Steve Levy, director of the Center for the Continuing Study of the California Economy in Palo Alto, brushes off Perry’s rhetoric as “bluster,” adding that relocations are simply part of the business fabric in California.  

“There are always companies that move, most of which either because they got payoff money or because their customer base moved,” Levy says. In Toyota’s case, the company received a $40 million grant from the Texas Enterprise Fund, although the company’s executives said the primary incentive was a desire to be closer to car-making operations in Texas and Tennessee.

Sure, the high cost of doing business in California is a disadvantage. By any measure, the cost of labor is higher and the state has both a corporate and personal income tax, making Texas attractive by comparison.
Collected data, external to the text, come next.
Lemma affine_comb_close n A C P y d :
  sumn n A = 1 -> (forall i, (i < n)%nat -> Rabs (A i) <= C) ->
  (forall r, (r < n)%nat -> Rabs (P r - y) <= d) -> 0 <= d ->
  Rabs (sumn n (fun r => A r * P r) - y) <= INR n * C * d.
Proof.
  intros Hsum HA HP Hd.
  replace (sumn n (fun r => A r * P r) - y) with (sumn n (fun r => A r * (P r - y))).
  - eapply Rle_trans; [apply sumn_abs|].
    apply Rle_trans with (sumn n (fun _ => C * d)).
    + apply sumn_le; intros i Hi. rewrite Rabs_mult.
      apply Rmult_le_compat; auto using Rabs_pos.
    + rewrite sumn_const. lra.
  - transitivity (sumn n (fun r => A r * P r + (- y) * A r)).
    + apply sumn_ext; intros; ring.
    + rewrite sumn_plus, sumn_scal_l, Hsum. ring.
Qed.

Lemma points_near_limit a L n m p0 C X :
  (forall k j, (j < 0 \/ Z.of_nat L < j)%Z -> a k j = 0) -> (S L < n)%nat ->
  C0_convergent a L -> 0 < C -> in_K n C X ->
  forall eps, 0 < eps -> exists N, forall k eta q A x, (N <= k)%nat ->
    (forall r c, (r < n)%nat -> (c < m)%nat ->
       Un_cv (fun k => prodS a L n p0 eta k r c) (q c)) ->
    X A -> (forall c, x c = vmul n A (prodS a L n p0 eta k) c) ->
    Defs.dist m x q < eps.
Proof.
  intros Hsupp HL Hconv HC HK eps Heps.
  pose proof (pos_INR m). pose proof (pos_INR n).
  set (e1 := eps / (INR m + 1)). set (e2 := e1 / (INR n * C + 1)).
  assert (HnC : 0 <= INR n * C) by (apply Rmult_le_pos; lra).
  assert (He1 : 0 < e1) by (unfold e1; apply Rdiv_lt_0_compat; lra).
  assert (He2 : 0 < e2) by (unfold e2; apply Rdiv_lt_0_compat; lra).
  assert (He12 : INR n * C * e2 <= e1).
  { unfold e2. apply Rmult_le_reg_r with (INR n * C + 1); [lra|].
    replace (INR n * C * (e1 / (INR n * C + 1)) * (INR n * C + 1))
      with (INR n * C * e1) by (field; lra).
    nra. }
  destruct (entries_uniformly_cauchy a L n m p0 Hsupp HL Hconv e2 He2) as [N HN].
  exists N. intros k eta q A x Hk Hq HA Hx. destruct (HK A HA) as [HA1 HA2].
  apply dist_lt_of_coords; [assumption|]. intros c Hc. rewrite Hx.
  eapply Rle_trans; [|exact He12]. unfold vmul.
  apply affine_comb_close; [assumption|assumption| |lra]. intros r Hr.
  apply (limit_le _ _ _ _ k (Hq r c Hr Hc)).
  intros k' Hk'. replace k' with (k + (k' - k))%nat by lia.
  apply Rlt_le, HN; lia.
Qed.

(* Each point of F_1 o ... o F_k (A) is near the limit point of its address,
   and each limit point q_eta is near the image of a fixed point of A along eta. *)
Theorem mainTheorem10
  (n m L : nat) (a : mask) (p0 : nat -> nat -> R)
  (Hsupp : forall k j, (j < 0 \/ Z.of_nat L < j)%Z -> a k j = 0)
  (HL : (S L < n)%nat)
  (Hconv : C0_convergent a L) :
  forall (C : R) (Aset : (nat -> R) -> Prop),
    0 < C -> nonempty Aset -> seq_compact n Aset -> in_K n C Aset ->
    hausdorff_cv m (fun k => Fcomp a L n p0 k Aset) (limit_curve a L n m p0).
Proof.
  intros C Aset HC [A0 HA0] _ HK eps Heps.
  destruct (points_near_limit a L n m p0 C Aset Hsupp HL Hconv HC HK eps Heps) as [N HN].
  exists (S N). intros [|k] Hk; [lia|]. split.
  - intros x Hx. destruct (Fcomp_elim a L n p0 k Aset x Hx) as [A [eta [HA Hxe]]].
    exists (limit_point a L n m p0 Hsupp HL Hconv eta). split.
    + exists eta. intros r c Hr Hc. now apply rows_converge.
    + apply (HN (S k) eta _ A); [lia| |assumption|assumption].
      intros r c Hr Hc. now apply rows_converge.
  - intros y [eta Hy].
    destruct (Fcomp_intro a L n p0 k Aset A0 eta HA0) as [x [Hx Hxe]].
    exists x. split; [assumption|].
    apply (HN (S k) eta y A0); [lia|assumption|assumption|assumption].
Qed.
(* Let $S$ be an independent set of $M$ and $F=\mathrm{cl}(S)$. If $G$ is a hyperplane of $M^\perp$ with $F\cup G\neq E$, then $F\cup G\cup P(S)\neq E$.
   Context: Let $M$ be a matroid with no loops and no coloops on the ground set $E=\{0,1,\dots,n\}$, totally ordered by the usual order of integers; $M^\perp$ its dual, $\mathrm{cl}$ the closure operator of $M$. For an independent set $S$ of $M$, $P(S)=\{e\in E-S:\ \text{there is a cocircuit } C^\perp \text{ of } M \text{ with } C^\perp\subseteq E-S \text{ and } e=\min C^\perp\}$; it is known that $S\sqcup P(S)$ is the lexicographically smallest basis of $M$ containing $S$. *)

From mathcomp Require Import all_boot.
Set Implicit Arguments. Unset Strict Implicit. Unset Printing Implicit Defensive.

(* A matroid on a finite ground set T (ground set = all of T). *)
Record matroid (T : finType) := Matroid {
  indep : {set T} -> bool;
  indep0 : indep set0;
  indep_sub : forall A B : {set T}, A \subset B -> indep B -> indep A;
  indep_aug : forall A B : {set T}, indep A -> indep B -> #|A| < #|B| ->
                exists2 x, x \in B :\: A & indep (x |: A)
}.

Section Generic.
Variable T : finType.

Definition rank_of (ind : {set T} -> bool) (A : {set T}) : nat :=
  \max_(B : {set T} | (B \subset A) && ind B) #|B|.

Definition closure_of (ind : {set T} -> bool) (A : {set T}) : {set T} :=
  [set x | rank_of ind (x |: A) == rank_of ind A].

Definition hyperplane_of (ind : {set T} -> bool) (H : {set T}) : bool :=
  (closure_of ind H == H) && ((rank_of ind H).+1 == rank_of ind setT).

Variable M : matroid T.

Definition basis (B : {set T}) : bool :=
  indep M B && [forall x, (x \notin B) ==> ~~ indep M (x |: B)].

(* independent sets of the dual matroid M^perp: sets disjoint from some basis *)
Definition coindep (I : {set T}) : bool :=
  [exists B : {set T}, basis B && [disjoint I & B]].

Definition cl (A : {set T}) : {set T} := closure_of (indep M) A.

Definition dual_hyperplane (H : {set T}) : bool := hyperplane_of coindep H.

Definition cocircuit (C : {set T}) : bool :=
  ~~ coindep C && [forall x in C, coindep (C :\ x)].

Definition loopless : Prop := forall x : T, indep M [set x].
Definition coloopless : Prop := forall x : T, exists2 B, basis B & x \notin B.

End Generic.

(* Ground set E = {0,...,n} = 'I_n.+1 with its usual order. *)
Definition Pset (n : nat) (M : matroid 'I_n.+1) (S : {set 'I_n.+1}) : {set 'I_n.+1} :=
  [set e | (e \notin S) &&
     [exists C : {set 'I_n.+1},
        [&& cocircuit M C, C \subset ~: S, e \in C & [forall y in C, (e <= y)%N]]]].

From mathcomp Require Import all_boot.
Set Implicit Arguments. Unset Strict Implicit. Unset Printing Implicit Defensive.

(* Suppose F u G u P(S) = E, where F = cl(S), and pick an
   element outside F u G; it lies in P(S).  Let e be the LARGEST element of
   P(S) outside G, and C a cocircuit avoiding S with e = min C.  The
   complement D = E - G of a hyperplane of the dual is a circuit of M and
   contains e.  A circuit and a cocircuit never meet in exactly one element
   (orthogonality), so some y <> e lies in C n D.  Then y is not in G nor in
   S; if y were in F, the circuit inside S + y would meet C only in y,
   contradicting orthogonality again; so y is in P(S), whence y <= e by the
   choice of e and e <= y since e = min C: y = e, a contradiction. *)

Section Rank.
Variable T : finType.
Implicit Types (ind : {set T} -> bool) (A B H : {set T}).

Lemma rank_ge ind A B : B \subset A -> ind B -> #|B| <= rank_of ind A.
Proof. by move=> sBA iB; apply: (@leq_bigmax_cond _ _ (fun B => #|B|) B); rewrite sBA iB. Qed.

Lemma rank_le ind A : rank_of ind A <= #|A|.
Proof. by apply/bigmax_leqP => B /andP[sBA _]; exact: subset_leq_card. Qed.

Lemma rank_mono ind A A' : A \subset A' -> rank_of ind A <= rank_of ind A'.
Proof.
move=> sAA'; apply/bigmax_leqP => B /andP[sBA iB]; apply: rank_ge iB.
exact: subset_trans sBA sAA'.
Qed.

Lemma rank_witness ind A :
  ind set0 -> exists2 B : {set T}, (B \subset A) && ind B & rank_of ind A = #|B|.
Proof.
move=> ind0.
case: (@arg_maxnP _ set0 (fun B => (B \subset A) && ind B) (fun B => #|B|)).
  by rewrite sub0set.
move=> B HB Bmax; exists B => //; apply/eqP; rewrite eqn_leq.
apply/andP; split; first by apply/bigmax_leqP => C /Bmax.
by case/andP: HB => sBA iB; apply: rank_ge.
Qed.

Lemma hyperplane_add_rank ind H x : hyperplane_of ind H -> x \notin H ->
  rank_of ind (x |: H) = rank_of ind setT.
Proof.
case/andP=> /eqP clH /eqP rH xH.
have ne : rank_of ind (x |: H) != rank_of ind H by move: xH; rewrite -{1}clH inE.
apply/eqP; rewrite eqn_leq rank_mono ?subsetT //= -rH ltn_neqAle eq_sym ne.
exact/rank_mono/subsetUr.
Qed.

Lemma closure_dep ind S y : ind S -> y \in closure_of ind S -> y \notin S ->
  ~~ ind (y |: S).
Proof.
rewrite inE => _ /eqP ryS yS; apply/negP => iyS.
have := rank_ge (subxx (y |: S)) iyS.
by rewrite ryS cardsU1 yS add1n ltnNge rank_le.
Qed.
End Rank.

Section Bases.
Variable T : finType.
Variable M : matroid T.
Implicit Types (A B J X : {set T}).

Definition circuit (D : {set T}) : bool :=
  ~~ indep M D && [forall x in D, indep M (D :\ x)].

Lemma basis_ext A : indep M A -> exists2 B : {set T}, basis M B & A \subset B.
Proof.
move=> iA.
case: (@arg_maxnP _ A (fun B => indep M B && (A \subset B)) (fun B => #|B|)).
  by rewrite iA subxx.
move=> B /andP[iB sAB] Bmax; exists B => //.
apply/andP; split => //; apply/forallP => x; apply/implyP => xB; apply/negP => ixB.
have := Bmax (x |: B); rewrite ixB (subset_trans sAB (subsetUr _ _)).
by move=> /(_ isT); rewrite cardsU1 xB add1n; apply/negP; rewrite -ltnNge.
Qed.

Lemma indep_card_basis B X : basis M B -> indep M X -> #|X| <= #|B|.
Proof.
move=> /andP[iB /forallP Bmax] iX; rewrite leqNgt; apply/negP => ltBX.
have [x /setDP[_ xB] ixB] := indep_aug iB iX ltBX.
by have := Bmax x; rewrite xB ixB.
Qed.

Lemma basis_card B B' : basis M B -> basis M B' -> #|B| = #|B'|.
Proof.
move=> bB bB'; apply/eqP; rewrite eqn_leq.
by rewrite (indep_card_basis bB' (proj1 (andP bB))) (indep_card_basis bB (proj1 (andP bB'))).
Qed.

Lemma basis_of_card B X : basis M B -> indep M X -> #|B| <= #|X| -> basis M X.
Proof.
move=> bB iX leBX; apply/andP; split => //; apply/forallP => x; apply/implyP => xX.
apply/negP => ixX; have := indep_card_basis bB ixX.
by rewrite cardsU1 xX add1n ltnNge leBX.
Qed.

Lemma basis_exchange B e J : basis M B -> e \in B -> indep M J -> e \notin J ->
  ~~ indep M (e |: J) -> exists2 B' : {set T}, basis M B' & B' \subset (B :\ e) :|: J.
Proof.
move=> bB eB iJ eJ deJ; set U := (B :\ e) :|: J.
case: (@arg_maxnP _ J (fun X => [&& indep M X, J \subset X & X \subset U])
                      (fun X => #|X|)).
  by rewrite iJ subxx subsetUr.
move=> X /and3P[iX sJX sXU] Xmax; exists X => //.
apply: (basis_of_card bB iX); rewrite leqNgt; apply/negP => ltXB.
have [x /setDP[xB xX] ixX] := indep_aug iX (proj1 (andP bB)) ltXB.
have [xe|xne] := eqVneq x e.
  by subst x; move/negP: deJ; apply; apply: indep_sub ixX; exact: setUS.
have := Xmax (x |: X); rewrite ixX (subset_trans sJX (subsetUr _ _)).
rewrite subUset sub1set sXU !inE xne xB /= => /(_ isT).
by rewrite cardsU1 xX add1n ltnn.
Qed.

(* Orthogonality: if x + J is dependent with J independent, then every
   cocircuit through x meets J.  (A circuit inside x + J meets the cocircuit
   in x, hence in a second element.) *)
Lemma cocircuit_meets C x J : cocircuit M C -> x \in C -> indep M J ->
  x \notin J -> ~~ indep M (x |: J) -> ~~ [disjoint J & C].
Proof.
move=> /andP[coC /forallP Cmin] xC iJ xJ dxJ; apply/negP => dJC.
have := Cmin x; rewrite xC /= => /existsP[B /andP[bB dCB]].
have dCB' y : y \in C -> y != x -> y \in B = false.
  by move=> yC yx; apply: (disjointFr dCB); rewrite !inE yx.
have xB : x \in B.
  apply/negPn/negP => xB; move/negP: coC; apply; apply/existsP; exists B.
  by rewrite bB -(setD1K xC) -setI_eq0 setIUl setU_eq0 !setI_eq0 disjoints1 xB.
have [B' bB' sB'] := basis_exchange bB xB iJ xJ dxJ.
move/negP: coC; apply; apply/existsP; exists B'; rewrite bB' /=.
apply/pred0P => y /=; apply/negbTE/negP => /andP[yC yB'].
move: (subsetP sB' y yB'); rewrite !inE => /orP[/andP[yx yB]|yJ].
  by rewrite (dCB' y yC yx) in yB.
by rewrite (disjointFr dJC yJ) in yC.
Qed.

Lemma circuit_cocircuit_meet D C e : circuit D -> cocircuit M C ->
  e \in D -> e \in C -> exists2 y, y \in D :\ e & y \in C.
Proof.
move=> /andP[dD /forallP Dmin] coC eD eC.
have iDe : indep M (D :\ e) by exact: implyP (Dmin e) eD.
have eDe : e \notin D :\ e by rewrite !inE eqxx.
have dDe : ~~ indep M (e |: (D :\ e)) by rewrite setD1K.
have := cocircuit_meets coC eC iDe eDe dDe.
by rewrite -setI_eq0 => /set0Pn[y]; rewrite inE => /andP[yDe yC]; exists y.
Qed.
End Bases.

Section Dual.
Variable T : finType.
Variable M : matroid T.
Implicit Types (B G K : {set T}).

Lemma coindep_basisC B : basis M B -> coindep M (~: B).
Proof. by move=> bB; apply/existsP; exists B; rewrite bB /= disjoints_subset subxx. Qed.

Lemma coindep0 : coindep M set0.
Proof.
have [B bB _] := basis_ext (indep0 M).
by apply/existsP; exists B; rewrite bB disjoints_subset sub0set.
Qed.

Lemma coindep_card B K : basis M B -> coindep M K -> #|K| <= #|~: B|.
Proof.
move=> bB /existsP[B' /andP[bB' dKB']].
have sizeC : #|~: B'| = #|~: B|.
  by apply/eqP; rewrite -(eqn_add2l #|B|) cardsC (basis_card bB bB') cardsC.
by rewrite -sizeC subset_leq_card // -disjoints_subset.
Qed.

Lemma corank B : basis M B -> rank_of (coindep M) setT = #|~: B|.
Proof.
move=> bB; apply/eqP; rewrite eqn_leq rank_ge ?subsetT ?coindep_basisC // andbT.
by apply/bigmax_leqP => K /andP[_ /(coindep_card bB)].
Qed.

(* The complement of a hyperplane of the dual is dependent: otherwise it
   would extend to a basis whose complement, inside G, has full dual rank. *)
Lemma dual_hyperplane_compl_dep G : dual_hyperplane M G -> ~~ indep M (~: G).
Proof.
move=> /andP[_ /eqP rG]; apply/negP => iGC.
have [B bB sGCB] := basis_ext iGC.
have : #|~: B| <= rank_of (coindep M) G.
  by apply: rank_ge (coindep_basisC bB); rewrite -setCS setCK.
by rewrite -(corank bB) -rG ltnn.
Qed.

(* Removing any element x of the complement of a dual hyperplane G leaves an
   independent set: x |: G contains a dual-independent set of full dual
   rank, i.e. the complement of a basis, and that basis contains ~: G :\ x. *)
Lemma dual_hyperplane_compl_indep G x : dual_hyperplane M G -> x \notin G ->
  indep M (~: G :\ x).
Proof.
move=> hG xG.
have [K /andP[sKxG coK] rK] := rank_witness (x |: G) coindep0.
have /existsP[B /andP[bB dKB]] := coK.
have KBC : K = ~: B.
  apply/eqP; rewrite eqEcard -disjoints_subset dKB /=.
  by rewrite -rK (hyperplane_add_rank hG xG) (corank bB).
apply: indep_sub (proj1 (andP bB)); apply/subsetP => y.
rewrite !inE => /andP[yx yG]; apply/negPn/negP => yB.
have : y \in K by rewrite KBC inE.
by move/(subsetP sKxG); rewrite !inE (negbTE yx) (negbTE yG).
Qed.

Lemma dual_hyperplane_circuit G : dual_hyperplane M G -> circuit M (~: G).
Proof.
move=> hG; rewrite /circuit dual_hyperplane_compl_dep //=.
by apply/forall_inP => x; rewrite inE => /(dual_hyperplane_compl_indep hG).
Qed.
End Dual.

Theorem mainTheorem16 (n : nat) (M : matroid 'I_n.+1)
  (Hloop : loopless M) (Hcoloop : coloopless M)
  (S G : {set 'I_n.+1}) :
  indep M S -> dual_hyperplane M G ->
  cl M S :|: G != setT ->
  cl M S :|: G :|: Pset M S != setT.
Proof.
move=> iS hG FG; apply/negP => /eqP FGP.
have covered y : y \in cl M S :|: G :|: Pset M S by rewrite FGP inE.
have /set0Pn[x0] : ~: (cl M S :|: G) != set0.
  by apply: contra FG => /eqP/(congr1 (@setC _)); rewrite setCK setC0 => ->.
rewrite !inE negb_or => /andP[x0F x0G].
have x0P : x0 \in Pset M S by have := covered x0; rewrite !inE (negbTE x0F) (negbTE x0G).
have [e /andP[eG eP] emax] := @arg_maxnP _ x0
  (fun e => (e \notin G) && (e \in Pset M S)) val (introT andP (conj x0G x0P)).
move: (eP); rewrite inE => /andP[eS /existsP[C /and4P[coC sCS eC /forall_inP eminC]]].
have eGC : e \in ~: G by rewrite inE.
have [y yGCe yC] := circuit_cocircuit_meet (dual_hyperplane_circuit hG) coC eGC eC.
move: yGCe; rewrite !inE => /andP[ye yG].
have yS : y \notin S by have := subsetP sCS y yC; rewrite inE.
have := covered y; rewrite !in_setU (negbTE yG) orbF => /orP[yF|yP].
- (* y in cl(S): the circuit in S + y would meet C only in y *)
  have := cocircuit_meets coC yC iS yS (closure_dep iS yF yS).
  by rewrite disjoint_sym disjoints_subset sCS.
- (* y in P(S): y <= e by maximality of e, and e <= y since e = min C *)
  have ley : val y <= val e by apply: emax; rewrite yG yP.
  by move/eqP: ye; apply; apply/val_inj/eqP; rewrite eqn_leq ley eminC.
Qed.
But Kim L. Moore, a former marketing manager with the City of Dallas Office of Economic Development who now helps businesses relocate, said companies that decide to pull up stakes are motivated by internal pressures, not state policies.

“You don’t relocate a company unless there’s a couple of other issues you’re trying to address,” says Moore, managing director of Newmark Grubb Knight Frank. “Either you’re looking to expand or you’re looking to consolidate, or it’s as simple as not being able to find the labor force you’re used to drawing.”

Both Texas and California are “powerhouses,” she says, and businesses must decide which environment suits them. In the case of Farmers Bros., a leading distributor of coffee and tea to food service operators, new management decided to leave after several years of losses prompted a need for consolidation.  

Updating its 65-year-old complex in Torrance just didn’t make sense. The company considered multiple options before settling on Northlake, where it could build a state-of-the-art facility designed to streamline processes and cut costs, CEO Michael H. Keown told analysts. Farmers projects annual savings of between $12 million and $15 million. 

Texas and Dallas-Fort Worth have a long history of attracting corporate headquarters. American Airlines, BNSF Railway, ExxonMobil, J.C. Penney, and AT&T all moved here over the decades because of our central location, cost of living, major airport, and strong labor force. That’s nothing to sneeze at.

But California and the Silicon Valley are magnets for talent and capital. According to Levy, the state nabbed 57 percent of U.S. venture capital funding in 2014, compared to 3 percent that came to Texas.

That money is critical to upstart technology companies, and California’s roster now includes innovators like Apple, Facebook, Google, eBay, Twitter, and Tesla, all changing the way we live in the 21st century.

In Texas, we’d be wise to figure out how to get more of that action, too.